# Capture

Capture is the only layer that touches the outside world. It produces one JSON file per observation into `~/.openchronicle/capture-buffer/`; nothing above it ever talks to macOS directly.

## Two signal sources

**`mac-ax-watcher`** (primary, event-driven). A vendored Swift binary that subscribes to AX notifications across all running apps: window focus, value changes (typing), title changes, app activation. It emits one JSON object per event on stdout. The Python side reads that stream line-by-line in `capture/watcher.py` → `capture/event_dispatcher.py`.

**Heartbeat timer** (fallback). Every `heartbeat_minutes` (default 10), the scheduler fires a capture even if no event arrived — so long idle periods leave a trail. Set `heartbeat_minutes = 0` to disable entirely (watcher-only); values `>0` are clamped to a 60-second floor.

Both funnel into `capture_once` in `capture/scheduler.py`, which runs:

1. `ax_capture.capture_frontmost(focused_window_only=True)` — one-shot invocation of `mac-ax-helper` for the current window, pruned to `ax_depth` layers.
2. `s1_parser.enrich()` — extracts `focused_element`, `visible_text`, and `url` from the AX tree (see [S1 fields](#s1-fields) below).
3. `screenshot.grab()` — unless `include_screenshot = false`.
4. `window_meta.active_window()` — app name, title, bundle_id via `NSRunningApplication`.
5. Write `{iso8601_safe}.json` to the buffer.

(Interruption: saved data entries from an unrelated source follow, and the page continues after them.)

(* For every positive integer $n$, $$\overline{\mathrm{spt}}_{\omega}(n)\equiv\overline{\mathrm{spt}}(n)\equiv\begin{cases}1\pmod 2 & \text{if } n=k^2 \text{ or } n=2k^2 \text{ for some integer } k,\\ 0\pmod 2&\text{otherwise.}\end{cases}$$
   Context: $(a;q)_n=\prod_{j=0}^{n-1}(1-aq^j)$, $(a;q)_\infty=\prod_{j\ge0}(1-aq^j)$. $\overline{\mathrm{spt}}(n)$ is defined by $\sum_{n\ge1}\overline{\mathrm{spt}}(n)q^n=\sum_{n\ge1}\frac{q^n(-q^{n+1};q)_\infty}{(1-q^n)^2(q^{n+1};q)_\infty}$ (the number of smallest parts in overpartitions of $n$ whose smallest part is overlined). $\overline{\mathrm{spt}}_{\omega}(n)$ is defined by $\sum_{n\ge1}\overline{\mathrm{spt}}_{\omega}(n)q^n=\sum_{n\ge1}\frac{q^{n}(-q^{n+1};q)_{n}(-q^{2n+2};q^2)_{\infty}}{(1-q^n)^2(q^{n+1};q)_n(q^{2n+2};q^2)_{\infty}}$ (the number of smallest parts in overpartitions of $n$ with smallest part overlined and all odd parts less than twice the smallest part). *)

From mathcomp Require Import all_boot.
Set Implicit Arguments. Unset Strict Implicit. Unset Printing Implicit Defensive.

(* Formal power series in q with natural-number coefficients, represented by
   their coefficient sequence: f n = coefficient of q^n. *)
Definition series := nat -> nat.

Definition sone : series := fun n => if n == 0 then 1 else 0.

Definition sshift (m : nat) (f : series) : series :=
  fun n => if m <= n then f (n - m) else 0.

Definition smul1p (k : nat) (f : series) : series := fun n => f n + sshift k f n.

(* multiplication by 1/(1 - q^k) = sum_{j>=0} q^(j k), for k >= 1 *)
Definition sdiv1m (k : nat) (f : series) : series :=
  fun n => \sum_(0 <= j < (n %/ k).+1) f (n - j * k).

Definition sratio (k : nat) (f : series) : series := sdiv1m k (smul1p k f).

Definition sratios (s : seq nat) (f : series) : series := foldr sratio f s.

(* Truncation of the generating function of spt-bar that is exact up to q^N:
   sum_{m=1}^{N} q^m / (1-q^m)^2 * prod_{j=m+1}^{N} (1+q^j)/(1-q^j).
   (Terms with m > N and factors with j > N do not affect coefficients of
   q^i, i <= N.) *)
Definition sptbar_series (N : nat) : series :=
  fun i => \sum_(1 <= m < N.+1)
    sshift m (sdiv1m m (sdiv1m m (sratios (iota m.+1 (N - m)) sone))) i.

Definition sptbar (n : nat) : nat := sptbar_series n n.

(* Truncation, exact up to q^N, of
   sum_{m>=1} q^m (-q^{m+1};q)_m (-q^{2m+2};q^2)_oo
                / ((1-q^m)^2 (q^{m+1};q)_m (q^{2m+2};q^2)_oo)
   = sum_{m>=1} q^m/(1-q^m)^2 * prod_{j=m+1}^{2m} (1+q^j)/(1-q^j)
                * prod_{j>=m+1} (1+q^{2j})/(1-q^{2j}),
   the last product truncated to 2j <= N. *)
Definition sptbarw_series (N : nat) : series :=
  fun i => \sum_(1 <= m < N.+1)
    sshift m (sdiv1m m (sdiv1m m
      (sratios (iota m.+1 m)
        (sratios [seq 2 * j | j <- iota m.+1 (N./2 - m)] sone)))) i.

Definition sptbarw (n : nat) : nat := sptbarw_series n n.

(** Modulo 2 every factor (1 + q^k)/(1 - q^k) is 1, so both generating
    functions reduce to sum_m q^m/(1 - q^m)^2, whose coefficient of q^n is
    sum_{m | n} n/m.  Its parity counts the divisors m of n = 2^a o (o odd)
    with n/m odd, i.e. m = 2^a e with e | o.  The involution
    2^a e |-> 2^a (o/e) pairs these off except at e^2 = o, so the count is
    odd exactly when o is a square, i.e. when n is a square or twice one. *)

From mathcomp Require Import all_boot.
Set Implicit Arguments. Unset Strict Implicit. Unset Printing Implicit Defensive.

Definition eqmod2 (f g : series) := forall i, f i = g i %[mod 2].

Lemma eqmod2_trans f g h : eqmod2 f g -> eqmod2 g h -> eqmod2 f h.
Proof. by move=> fg gh i; rewrite fg gh. Qed.

Lemma sshift_eqmod2 k f g : eqmod2 f g -> eqmod2 (sshift k f) (sshift k g).
Proof. by move=> fg i; rewrite /sshift; case: ifP. Qed.

Lemma sdiv1m_eqmod2 k f g : eqmod2 f g -> eqmod2 (sdiv1m k f) (sdiv1m k g).
Proof.
move=> fg i; rewrite /sdiv1m -modn_summ -[RHS]modn_summ.
by congr (_ %% _); apply: eq_bigr => j _; apply: fg.
Qed.

Lemma sdiv1m_recl k f i : 0 < k -> k <= i ->
  sdiv1m k f i = f i + sdiv1m k f (i - k).
Proof.
move=> k0 ki; rewrite /sdiv1m big_nat_recl // mul0n subn0; congr (_ + _).
have -> : (i - k) %/ k = (i %/ k).-1.
  by rewrite -{1}(mul1n k) divnBMl subn1.
rewrite prednK ?divn_gt0 //; apply: eq_big_nat => j /andP[_ jk].
have jki : j.+1 * k <= i by rewrite (leq_trans _ (leq_divM i k)) // leq_mul2r jk orbT.
by rewrite mulSnr addnC subnDA in jki *.
Qed.

Lemma sdiv1m_small k f i : i < k -> sdiv1m k f i = f i.
Proof. by move=> ik; rewrite /sdiv1m divn_small // big_nat1 mul0n subn0. Qed.

(* sratio k f i = f i + f (i - k) + sratio k f (i - k), and by induction the
   last term is f (i - k) mod 2. *)
Lemma sratio_eqmod2 k f : 0 < k -> eqmod2 (sratio k f) f.
Proof.
move=> k0 i; elim/ltn_ind: i => i IH; rewrite /sratio.
have [ki | ik] := leqP k i; last first.
  by rewrite sdiv1m_small // /smul1p /sshift leqNgt ik addn0.
have IHk : sratio k f (i - k) = f (i - k) %[mod 2]
  by apply: IH; rewrite ltn_subrL k0 (leq_trans k0 ki).
rewrite sdiv1m_recl // -modnDmr IHk modnDmr.
by rewrite /smul1p /sshift ki -addnA addnn -muln2 -modnDmr modnMl addn0.
Qed.

Lemma sratios_eqmod2 s f : all (leq 1) s -> eqmod2 (sratios s f) f.
Proof.
elim: s => [|k s IH] //= /andP[k0 s0].
exact: eqmod2_trans (sratio_eqmod2 _ k0) (IH s0).
Qed.

Lemma sdiv1m_sone m i : 0 < m -> sdiv1m m sone i = (m %| i).
Proof.
move=> m0; elim/ltn_ind: i => i IH; have [mi | im] := leqP m i.
  rewrite sdiv1m_recl // IH ?ltn_subrL ?m0 ?(leq_trans m0 mi) // dvdn_subl //.
  by rewrite /sone; case: i mi {IH} => //; rewrite leqNgt m0.
by rewrite sdiv1m_small // /sone; case: i im {IH} => [|i] im; rewrite ?dvdn0 ?gtnNdvd.
Qed.

Lemma sdiv1m2_sone m i : 0 < m -> sdiv1m m (sdiv1m m sone) i = (m %| i) * (i %/ m).+1.
Proof.
move=> m0; rewrite /sdiv1m (eq_big_nat _ _ (F2 := fun=> nat_of_bool (m %| i))).
  by rewrite sum_nat_const_nat subn0 mulnC.
move=> j /andP[_ jm]; rewrite -/(sdiv1m m sone _) sdiv1m_sone // dvdn_subl //.
  by rewrite (leq_trans _ (leq_divM i m)) // leq_mul2r -ltnS jm orbT.
by rewrite dvdn_mull.
Qed.

Lemma sshift_sdiv1m2_sone m i : 0 < m ->
  sshift m (sdiv1m m (sdiv1m m sone)) i = (m %| i) * (i %/ m).
Proof.
move=> m0; rewrite /sshift; have [mi | im] := leqP m i; last first.
  by rewrite divn_small ?muln0.
rewrite sdiv1m2_sone // dvdn_subl //.
have -> : (i - m) %/ m = (i %/ m).-1 by rewrite -{1}(mul1n m) divnBMl subn1.
by rewrite prednK // divn_gt0.
Qed.

Definition odd_cofactor_divisors n : {set 'I_n.+1} :=
  [set m : 'I_n.+1 | (0 < m) && (m %| n) && odd (n %/ m)].

Lemma card_odd_cofactor_divisors n :
  #|odd_cofactor_divisors n| = \sum_(1 <= m < n.+1) ((m %| n) && odd (n %/ m)).
Proof.
rewrite -sum1dep_card big_mkcond /= -(big_mkord xpredT (fun m =>
  nat_of_bool ((0 < m) && (m %| n) && odd (n %/ m)))) big_nat_recl //= big_add1.
by apply: eq_bigr => m _; case: (_ && _).
Qed.

Lemma sum_sshift_eqmod2 n (F : nat -> series) :
    (forall m, 0 < m -> eqmod2 (F m) (sdiv1m m (sdiv1m m sone))) ->
  \sum_(1 <= m < n.+1) sshift m (F m) n = #|odd_cofactor_divisors n| %[mod 2].
Proof.
move=> FE; rewrite card_odd_cofactor_divisors -modn_summ -[RHS]modn_summ.
congr (_ %% _); apply: eq_big_nat => m /andP[m0 _].
rewrite (sshift_eqmod2 m (FE m m0)) sshift_sdiv1m2_sone // !modn2 oddM.
by case: (m %| n); case: (odd (n %/ m)).
Qed.

Lemma all_iota_pos a l : all (leq 1) (iota a.+1 l).
Proof. by apply/allP => k; rewrite mem_iota => /andP[/(leq_trans (ltn0Sn a))]. Qed.

Lemma sptbar_eqmod2 n : sptbar n = #|odd_cofactor_divisors n| %[mod 2].
Proof.
apply: sum_sshift_eqmod2 => m _.
by do 2!apply: sdiv1m_eqmod2; apply: sratios_eqmod2; apply: all_iota_pos.
Qed.

Lemma sptbarw_eqmod2 n : sptbarw n = #|odd_cofactor_divisors n| %[mod 2].
Proof.
apply: sum_sshift_eqmod2 => m _; do 2!apply: sdiv1m_eqmod2.
apply: eqmod2_trans (sratios_eqmod2 _ (all_iota_pos _ _)) _.
apply: sratios_eqmod2; rewrite all_map; apply/allP => j; rewrite mem_iota /=.
by case/andP=> /(leq_trans (ltn0Sn m)) j0 _; rewrite muln_gt0 j0.
Qed.

Lemma odd_card_involution (T : finType) (f : T -> T) (A : {set T}) :
    {in A, forall x, f x \in A} -> {in A, cancel f f} ->
  odd #|A| = odd #|[set x in A | f x == x]|.
Proof.
have [k] := ubnP #|A|; elim: k A => // k IH A Ak fA ffA.
have [x /andP[xA fxx] | Afix] := pickP [pred x in A | f x != x]; last first.
  congr odd; apply: eq_card => x; rewrite inE.
  have := Afix x; rewrite /= andbC.
  by case: (x \in A); rewrite ?andbF ?andbT // => /negbFE.
have fxA : f x \in A :\ x by rewrite !inE fxx fA.
set B := A :\ x :\ f x.
have fB : {in B, forall y, f y \in B}.
  move=> y; rewrite !inE => /and3P[yfx yx yA]; rewrite fA // andbT.
  apply/andP; split.
    by apply: contra yx => /eqP/(congr1 f); rewrite !ffA // => ->.
  by apply: contra yfx => /eqP <-; rewrite ffA.
have cardA : #|A| = #|B|.+2.
  by rewrite (cardsD1 x A) xA (cardsD1 (f x) (A :\ x)) fxA.
have -> : [set y in A | f y == y] = [set y in B | f y == y].
  apply/setP => y; rewrite !inE.
  case: (eqVneq y x) => [-> | _]; first by rewrite (negbTE fxx) !andbF.
  case: (eqVneq y (f x)) => [-> | _] //=.
  by rewrite ffA // eq_sym (negbTE fxx) andbF.
rewrite cardA /= negbK; apply: IH => //; first by move: Ak; rewrite cardA ltnS => /ltnW.
by move=> y /[dup] /fB yB; rewrite !inE => /and3P[_ _ /ffA].
Qed.

Section TwoAdic.

Variables (a o : nat).
Hypothesis o_odd : odd o.

Let o_gt0 : 0 < o. Proof. by case: o o_odd. Qed.

Lemma odd_cofactor_dvdP m :
  reflect (exists2 e, e %| o & m = 2 ^ a * e)
          ((0 < m) && (m %| 2 ^ a * o) && odd (2 ^ a * o %/ m)).
Proof.
apply: (iffP idP) => [/andP[/andP[m0 mn] q_odd] | [e eo ->]].
  set q := 2 ^ a * o %/ m in q_odd.
  have nE : 2 ^ a * o = m * q by rewrite [m * _]mulnC divnK.
  have : 2 ^ a %| m * q by rewrite -nE dvdn_mulr.
  rewrite Gauss_dvdl ?coprimeXl ?coprime2n // => /dvdnP[e mE].
  exists e; last by rewrite mE mulnC.
  apply/dvdnP; exists q; apply/eqP; rewrite -(eqn_pmul2l (expn_gt0 2 a)) nE mE.
  by rewrite mulnAC mulnC [e * q]mulnC.
have e0 : 0 < e := dvdn_gt0 o_gt0 eo.
rewrite muln_gt0 expn_gt0 e0 dvdn_pmul2l ?expn_gt0 // eo divnMl ?expn_gt0 //=.
by have := o_odd; rewrite -{1}(divnK eo) oddM => /andP[].
Qed.

Let n := 2 ^ a * o.

Let S := odd_cofactor_divisors n.

Lemma mem_odd_cofactor_divisors (m : 'I_n.+1) :
  reflect (exists2 e, e %| o & val m = 2 ^ a * e) (m \in S).
Proof. by rewrite inE; apply: odd_cofactor_dvdP. Qed.

(* The map 2^a e |-> 2^a (o/e), defined without knowing e. *)
Definition codivisor_pair (m : 'I_n.+1) : 'I_n.+1 := inord (2 ^ a * n %/ m).

Lemma codivisor_pair_val (m : 'I_n.+1) e : e %| o -> val m = 2 ^ a * e ->
  val (codivisor_pair m) = 2 ^ a * (o %/ e).
Proof.
move=> eo mE; rewrite /codivisor_pair /= mE divnMl ?expn_gt0 // -muln_divA //.
by rewrite inordK // ltnS leq_mul2l leq_div orbT.
Qed.

Lemma codivisor_pair_fixed (m : 'I_n.+1) e : e %| o -> val m = 2 ^ a * e ->
  (codivisor_pair m == m) = (o == e * e).
Proof.
move=> eo mE; rewrite -val_eqE (codivisor_pair_val eo mE) mE eqn_pmul2l ?expn_gt0 //.
by rewrite -{2}(divnK eo) eqn_pmul2r // (dvdn_gt0 o_gt0 eo).
Qed.

Lemma odd_card_odd_cofactor_divisors_square : odd #|S| <-> exists s, o = s * s.
Proof.
have pairS : {in S, forall m, codivisor_pair m \in S}.
  move=> m /mem_odd_cofactor_divisors[e eo mE]; apply/mem_odd_cofactor_divisors.
  by exists (o %/ e); [exact: dvdn_div | exact: codivisor_pair_val].
have pairK : {in S, cancel codivisor_pair codivisor_pair}.
  move=> m /mem_odd_cofactor_divisors[e eo mE]; apply: val_inj.
  rewrite (codivisor_pair_val (dvdn_div eo) (codivisor_pair_val eo mE)) mE.
  by rewrite divnA // mulKn.
rewrite (odd_card_involution pairS pairK); split.
  move/odd_gt0; rewrite card_gt0 => /set0Pn[m]; rewrite inE.
  case/andP=> /mem_odd_cofactor_divisors[e eo mE].
  by rewrite (codivisor_pair_fixed eo mE) => /eqP ->; exists e.
case=> s oE; have s0 : 0 < s by move: o_gt0; rewrite oE muln_gt0 => /andP[].
have sE : val (inord (2 ^ a * s) : 'I_n.+1) = 2 ^ a * s.
  by rewrite /= inordK // ltnS leq_mul2l oE leq_pmulr ?orbT.
have so : s %| o by rewrite oE dvdn_mulr.
suff -> : [set m in S | codivisor_pair m == m] = [set inord (2 ^ a * s)].
  by rewrite cards1.
apply/setP => m; rewrite inE in_set1; apply/andP/eqP => [[] | ->].
  case/mem_odd_cofactor_divisors=> e eo mE; rewrite (codivisor_pair_fixed eo mE) oE.
  rewrite !mulnn eqn_exp2r // => /eqP se.
  by apply: val_inj; rewrite sE mE se.
split; first by apply/mem_odd_cofactor_divisors; exists s.
by rewrite (codivisor_pair_fixed so sE) oE.
Qed.

End TwoAdic.

Lemma two_adic_decomposition n : 0 < n -> exists a o, odd o /\ n = 2 ^ a * o.
Proof.
move=> n0; have [o o_odd nE] := pfactor_coprime (isT : prime 2) n0.
by exists (logn 2 n), o; rewrite -coprime2n mulnC.
Qed.

Lemma odd_card_odd_cofactor_divisors n : 0 < n ->
  odd #|odd_cofactor_divisors n| <-> exists a s, odd s /\ n = 2 ^ a * (s * s).
Proof.
move=> n0; split.
  have [a [o [o_odd ->]]] := two_adic_decomposition n0.
  case/(odd_card_odd_cofactor_divisors_square a o_odd) => s oE.
  by exists a, s; move: o_odd; rewrite oE oddM andbb.
case=> a [s [s_odd ->]]; apply/odd_card_odd_cofactor_divisors_square.
  by rewrite oddM s_odd.
by exists s.
Qed.

Lemma square_or_twice_squareP n : 0 < n ->
  (exists k, n = k ^ 2 \/ n = 2 * k ^ 2) <-> exists a s, odd s /\ n = 2 ^ a * (s * s).
Proof.
move=> n0; split => [[k kE] | [a [s [s_odd ->]]]].
  have k0 : 0 < k by case: k kE n0 => // -[] ->.
  have [b [s [s_odd kE']]] := two_adic_decomposition k0.
  have sqE : k ^ 2 = 2 ^ b.*2 * (s * s) by rewrite kE' expnMn -expnM muln2 mulnn.
  case: kE => ->; [exists b.*2 | exists b.*2.+1]; exists s; split => //.
  by rewrite sqE expnS mulnA.
exists (2 ^ a./2 * s); rewrite expnMn -expnM muln2 mulnn.
move: (odd_double_half a); set h := a./2; case: (odd a) => <-.
  by right; rewrite add1n expnS mulnA.
by left.
Qed.

Theorem theorem1p6 (n : nat) : 0 < n ->
  sptbarw n = sptbar n %[mod 2] /\
  ((exists k : nat, n = k ^ 2 \/ n = 2 * k ^ 2) -> sptbar n = 1 %[mod 2]) /\
  (~ (exists k : nat, n = k ^ 2 \/ n = 2 * k ^ 2) -> sptbar n = 0 %[mod 2]).
Proof.
move=> n0; have oddE : odd #|odd_cofactor_divisors n| <->
    exists k : nat, n = k ^ 2 \/ n = 2 * k ^ 2.
  apply: iff_trans (odd_card_odd_cofactor_divisors n0) _.
  exact: iff_sym (square_or_twice_squareP n0).
split; first by rewrite sptbarw_eqmod2 sptbar_eqmod2.
rewrite sptbar_eqmod2 modn2; split => [/oddE -> // | not_sq].
by case: (boolP (odd _)) => // /oddE.
Qed.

The filename is ISO-8601 with `:` → `-` and `+` → `p` / `-` → `m` for the TZ offset. Example: `2026-04-21T17-07-32p08-00.json`.

The same capture scheduler also invokes `SessionManager.on_event` (wired as a `pre_capture_hook` in `daemon.py`), so the session cutter sees every capture-worthy event without a separate subscription path.

## Debounce / dedup / gap

Four time-based knobs throttle the event firehose (`capture/event_dispatcher.py`):

| Knob | Default | What it does |
|---|---|---|
| `debounce_seconds` | 3.0 | `AXValueChanged` events within this window collapse — only the last triggers a capture. Prevents one-capture-per-keystroke during typing. |
| `dedup_interval_seconds` | 1.0 | Same `(event_type, app)` pair within this window is dropped outright. |
| `min_capture_gap_seconds` | 2.0 | Hard floor between consecutive `capture_once` calls, regardless of event reason. |
| `same_window_dedup_seconds` | 5.0 | Non-focus-change events in the same `(bundle_id, title)` pair collapse within this window. Focus changes always bypass it. |

Tune these if you see `capture.log` flooded; the defaults produce a few hundred captures per work-day, comfortably under the buffer retention.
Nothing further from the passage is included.